The primary central carbohydrate for many Facilivus is trehalose, which serves both as an energy substrate and as a stabilizing reserve compound that protects cellular structures during dehydration, freezing, and high-salinity stress. Trehalose is commonly stored as dense cytosolic granules or as short-chain inclusions embedded in extracellular matrices within biofilms. When energy is required, trehalose is mobilized by trehalose-cleaving enzymes into smaller assimilable units that feed a core catabolic sequence, producing reducing equivalents for membrane electron flow and generating GTP directly at several cytosolic steps. This trehalose-centered metabolism is often integrated with mat-level ecology: upper layers may synthesize and exude trehalose-rich polymers during periods of abundance, while deeper layers specialize in reclaiming and fermenting released trehalose fragments under low-oxidant conditions, returning inorganic byproducts that other layers reuse. In planktonic Facilivus, trehalose storage is frequently coupled to stress anticipation; regulatory circuits increase trehalose synthesis and decrease its breakdown when osmotic pressure rises, ensuring that protective concentrations are achieved before membranes and enzymes are destabilized. Across the group, differences in trehalose handling, storage density, mobilization speed, and the balance between protection and energy extraction, are among the most diagnostically important traits for distinguishing major Facilivus ecotypes.

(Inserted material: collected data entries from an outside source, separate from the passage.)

Lemma sel_row_lt (y : 'I_s) : (sel_row y < dtot dd)%N.
Proof.
have [j [o [lt_o ->]]] := sel_col_decomp y.
by rewrite sel_row_at //; apply: off_lt_tot; apply: leq_trans (bb_le j).
Qed.

Lemma sel_row_inj : injective (fun y : 'I_s => sel_row y).
Proof.
move=> y1 y2 /=.
have [j1 [o1 [lt1 e1]]] := sel_col_decomp y1.
have [j2 [o2 [lt2 e2]]] := sel_col_decomp y2.
rewrite e1 e2 !sel_row_at // => e.
have [/(incr_inj kk_incr) ej eo] :=
  off_inj (leq_trans lt1 (bb_le j1)) (leq_trans lt2 (bb_le j2)) e.
by apply/val_inj; rewrite e1 e2 ej eo.
Qed.

(* the columns of selmx are distinct unit vectors, so selmx^T selmx = 1 *)
Lemma selmx_rank : \rank selmx = s.
Proof.
apply/eqP; rewrite eqn_leq rank_leq_col /=.
have orth : selmx^T *m selmx = 1%:M.
  apply/matrixP => y1 y2; rewrite !mxE (bigD1 (Ordinal (sel_row_lt y1))) //=.
  rewrite big1 ?addr0 => [|x ne_x]; last first.
    rewrite !mxE; case: eqP => [ex|]; last by rewrite mul0r.
    by case/eqP: ne_x; apply/val_inj.
  by rewrite !mxE eqxx mul1r /= (inj_eq sel_row_inj).
by rewrite -[X in (X <= _)%N](mxrank1 R s) -orth mxrankM_maxr.
Qed.

Lemma selmx_blockE i j (a : 'I_(dd i)) (c : 'I_(bb j)) :
  bce_block bb selmx i j a c = ((roff dd i + a)%N == (roff dd (kk j) + c)%N)%:R.
Proof.
have lt_row : (roff dd i + a < dtot dd)%N by apply: off_lt_tot.
have lt_col : (coff bb j + c < s)%N by rewrite -bb_sum; apply: off_lt_tot.
by rewrite mxE (mxentryE _ lt_row lt_col) mxE /= sel_row_at.
Qed.

Lemma selmx_block_off i j : i != kk j -> bce_block bb selmx i j = 0.
Proof.
move=> ne_i; apply/matrixP => a c; rewrite selmx_blockE mxE.
case: eqP => // e; have [ei _] := off_inj (ltn_ord a) (leq_trans (ltn_ord c) (bb_le j)) e.
by rewrite ei eqxx in ne_i.
Qed.

Lemma selmx_block_lead j : bce_block bb selmx (kk j) j = pid_mx (bb j).
Proof.
apply/matrixP => a c; rewrite selmx_blockE !mxE eqn_add2l.
by case: eqP => //= ->; rewrite ltn_ord.
Qed.

Lemma selmx_bce : (forall j, bb j = 1%N \/ bb j = 2%N) -> is_bce selmx bb kk.
Proof.
move=> b12; split=> // [j i lt_i | j].
  by apply: selmx_block_off; rewrite neq_ltn lt_i.
by rewrite selmx_block_lead rank_pid_mx.
Qed.

End Selection.

Lemma enum_val_incr (k : nat) (P : {set 'I_k}) (j1 j2 : 'I_#|P|) :
  (j1 < j2)%N -> (enum_val j1 < enum_val j2)%N.
Proof.
move=> lt_j.
have srt : sorted ltn [seq val i | i <- enum P].
  have -> : enum P = filter (mem P) (enum 'I_k) by rewrite enumT.
  rewrite sorted_map; apply: sorted_filter; first exact: ltn_trans.
  by rewrite -sorted_map val_enum_ord iota_ltn_sorted.
have nthE (j : 'I_#|P|) : val (enum_val j) = nth 0%N [seq val i | i <- enum P] j.
  by rewrite (nth_map (enum_val j1)) -?cardE // -enum_val_nth.
by rewrite !nthE; apply: (sorted_ltn_nth ltn_trans); rewrite // inE size_map -cardE.
Qed.

Lemma imset_enum_val (T : finType) (P : {set T}) (Q : pred T) :
  [set enum_val j | j : 'I_#|P| & Q (enum_val j)] = [set i in P | Q i].
Proof.
apply/setP => i; rewrite inE; apply/imsetP/andP => [[j] | [iP Qi]].
  by rewrite inE => Qj ->; rewrite enum_valP.
by exists (enum_rank_in iP i); rewrite ?inE enum_rankK_in.
Qed.

Lemma weighted_blocks_bce (R : realType) k (dd : 'I_k -> nat) s
    (P : {set 'I_k}) (c : 'I_k -> nat) :
  (forall i, i \in P -> (c i = 1%N \/ c i = 2%N) /\ (c i <= dd i)%N) ->
  (\sum_(i in P) c i)%N = s ->
  exists (W : 'M[R]_(dtot dd, s)) (r : nat) (bb : 'I_r -> nat) (kk : 'I_r -> 'I_k),
    \rank W = s /\ is_bce W bb kk /\
    [set kk j | j : 'I_r & (bb j == 1%N) && (dd (kk j) == 2%N)] =
    [set i in P | (c i == 1%N) && (dd i == 2%N)].
Proof.
move=> cP sum_c.
pose kk (j : 'I_#|P|) : 'I_k := enum_val j.
pose bb j := c (kk j).
have bb_sum : (\sum_j bb j)%N = s by rewrite -sum_c [RHS]big_enum_val.
have bb_le j : (bb j <= dd (kk j))%N by case: (cP _ (enum_valP j)).
exists (@selmx R _ dd s _ bb kk), #|P|, bb, kk.
have kk_incr : forall j1 j2 : 'I_#|P|, (j1 < j2)%N -> (kk j1 < kk j2)%N := @enum_val_incr k P.
split; first exact: selmx_rank kk_incr bb_le bb_sum.
split; last exact: imset_enum_val.
by apply: (selmx_bce R kk_incr bb_le bb_sum) => j; case: (cP _ (enum_valP j)).
Qed.

Lemma block_counts k (dd : 'I_k -> nat) :
  (forall i, dd i = 1%N \/ dd i = 2%N) ->
  (#|[set i | dd i == 1%N]| + #|JC dd|)%N = k /\
  dtot dd = (#|[set i | dd i == 1%N]| + 2 * #|JC dd|)%N.
Proof.
move=> dd12; split.
  rewrite -[RHS]card_ord -(cardsC (JC dd)) addnC; congr (_ + _)%N; apply: eq_card => i.
  by rewrite !inE; case: (dd12 i) => ->.
rewrite /dtot -!sum1_card big_distrr /= [X in (X + _)%N]big_mkcond.
rewrite [X in (_ + X)%N]big_mkcond -big_split /=.
by apply: eq_bigr => i _; rewrite !inE; case: (dd12 i) => ->.
Qed.

Lemma exists_subset_card (T : finType) (X : {set T}) m :
  (m <= #|X|)%N -> exists Y : {set T}, Y \subset X /\ #|Y| = m.
Proof.
elim: m => [|m IH] le_m; first by exists set0; rewrite sub0set cards0.
have [Y [YX cardY]] := IH (ltnW le_m).
have : (0 < #|X :\: Y|)%N by rewrite cardsD (setIidPr YX) cardY subn_gt0.
case/card_gt0P => x; rewrite in_setD => /andP[xY xX].
exists (x |: Y); split; first by rewrite subUset sub1set xX YX.
by rewrite cardsU1 xY cardY.
Qed.

Lemma split_dimension (x C j s : nat) :
  (j <= C)%N -> (j <= s)%N -> (s + j <= x + 2 * C)%N ->
  (x = 0%N -> ~~ odd (s - j)) ->
  exists a b, [/\ (a <= x)%N, (b <= C - j)%N & (j + a + 2 * b)%N = s].
Proof.
move=> le_jC le_js le_d par.
have half := odd_double_half (s - j); rewrite -muln2 in half.
exists (s - j - 2 * minn (s - j)./2 (C - j))%N, (minn (s - j)./2 (C - j)).
split; [|exact: geq_minr|].
- have [x0|x_pos] := posnP x; last by move: half; case: odd => /=; lia.
  by move: half (par x0); case: odd => /=; lia.
- by move: half; case: odd => /=; lia.
Qed.

Lemma union_weights k (dd : 'I_k -> nat) (J A B : {set 'I_k}) :
  (forall i, dd i = 1%N \/ dd i = 2%N) ->
  (forall i, i \in J -> dd i = 2%N /\ i \notin B) ->
  (forall i, i \in A -> dd i = 1%N /\ i \notin B) ->
  (forall i, i \in B -> dd i = 2%N) ->
  let c i := if i \in B then 2%N else 1%N in
  [/\ forall i, i \in J :|: A :|: B -> (c i = 1%N \/ c i = 2%N) /\ (c i <= dd i)%N,
      (\sum_(i in J :|: A :|: B) c i = #|J| + #|A| + 2 * #|B|)%N
    & [set i in J :|: A :|: B | (c i == 1%N) && (dd i == 2%N)] = J].
Proof.
move=> dd12 inJ inA inB c.
have disJA : [disjoint J & A].
  by apply/pred0P => i /=; apply/negP => /andP[/inJ[dd2 _] /inA[]]; rewrite dd2.
have disJAB : [disjoint J :|: A & B].
  by apply/pred0P => i /=; apply/negP => /andP[/setUP[/inJ | /inA][_ /negP]].
split.
- move=> i _; rewrite /c; case: ifP => [/inB -> | _]; first by split; [right|].
  by split; [left | case: (dd12 i) => ->].
- rewrite (eq_bigl [predU J :|: A & B]) => [|i]; last by rewrite !inE.
  rewrite bigU // (eq_bigl [predU J & A]) => [|i]; last by rewrite !inE.
  rewrite bigU //; congr (_ + _ + _)%N.
  + by rewrite -sum1_card; apply: eq_bigr => i /inJ[_ /negbTE]; rewrite /c /= => ->.
  + by rewrite -sum1_card; apply: eq_bigr => i /inA[_ /negbTE]; rewrite /c /= => ->.
  + rewrite (eq_bigr (fun=> 2%N)) => [|i iB]; last by rewrite /c /= iB.
    by rewrite sum_nat_const mulnC.
- apply/setP => i; rewrite !inE /c; case: (boolP (i \in J)) => [/inJ[-> /negbTE ->] | niJ] //=.
  case: (boolP (i \in B)) => [/inB | _]; first by rewrite andbF.
  by case: (boolP (i \in A)) => // /inA[->].
Qed.

Lemma calJ_weighted_blocks k (dd : 'I_k -> nat) s (J : {set 'I_k}) :
  (forall i, dd i = 1%N \/ dd i = 2%N) -> (1 <= s <= dtot dd)%N -> calJ dd s J ->
  exists (P : {set 'I_k}) (c : 'I_k -> nat),
    [/\ forall i, i \in P -> (c i = 1%N \/ c i = 2%N) /\ (c i <= dd i)%N,
        (\sum_(i in P) c i)%N = s
      & [set i in P | (c i == 1%N) && (dd i == 2%N)] = J].
Proof.
move=> dd12 /andP[_ le_sd] /and3P[JJC le_min par].
pose X1 := [set i | dd i == 1%N].
have [cardk cardd] := block_counts dd12.
have [a [b [le_a le_b sum_ab]]] : exists a b,
    [/\ (a <= #|X1|)%N, (b <= #|JC dd| - #|J|)%N & (#|J| + a + 2 * b)%N = s].
  apply: split_dimension; first exact: subset_leq_card.
  - by move: le_min; rewrite leq_min => /andP[].
  - by move: le_min; rewrite leq_min leq_subRL // cardd => /andP[].
  - by move=> X1_0; apply/(implyP par)/eqP; move: cardk; rewrite X1_0.
have [A [AX1 cardA]] := exists_subset_card le_a.
have [B [BJ cardB]] : exists B : {set 'I_k}, B \subset JC dd :\: J /\ #|B| = b.
  by apply: exists_subset_card; rewrite cardsD (setIidPr JJC).
have inJ i : i \in J -> dd i = 2%N /\ i \notin B.
  move=> iJ; move/subsetP: JJC => /(_ i iJ); rewrite inE => /eqP ->; split=> //.
  by apply/negP => /(subsetP BJ); rewrite !inE iJ.
have inA i : i \in A -> dd i = 1%N /\ i \notin B.
  move=> /(subsetP AX1); rewrite inE => /eqP dd1; split=> //.
  by apply/negP => /(subsetP BJ); rewrite !inE dd1 andbF.
have inB i : i \in B -> dd i = 2%N by move=> /(subsetP BJ); rewrite !inE => /andP[_ /eqP].
have [cP sum_c eJ] := union_weights dd12 inJ inA inB.
exists (J :|: A :|: B), (fun i => if i \in B then 2%N else 1%N).
by split=> //; rewrite sum_c cardA cardB.
Qed.

Unset Implicit Arguments.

Facilivus reproduce asexually, most commonly by binary fission, with growth proceeding through envelope expansion and gradual segregation of PNA and cytosolic machinery prior to constriction. Division is typically coordinated by a membrane-anchored ring complex that recruits structural proteins and activates localized envelope remodeling; completion produces two daughter cells with near-identical internal composition, after which rapid rebalancing of GTP pools and trehalose reserves determines whether daughters immediately continue growth or enter a low-activity persistence state. Persistence is widespread in fluctuating environments and is often mediated by reversible shutdown modules that preserve PNA integrity and ribosomal readiness while minimizing GTP expenditure, allowing cells to resume growth quickly when conditions improve.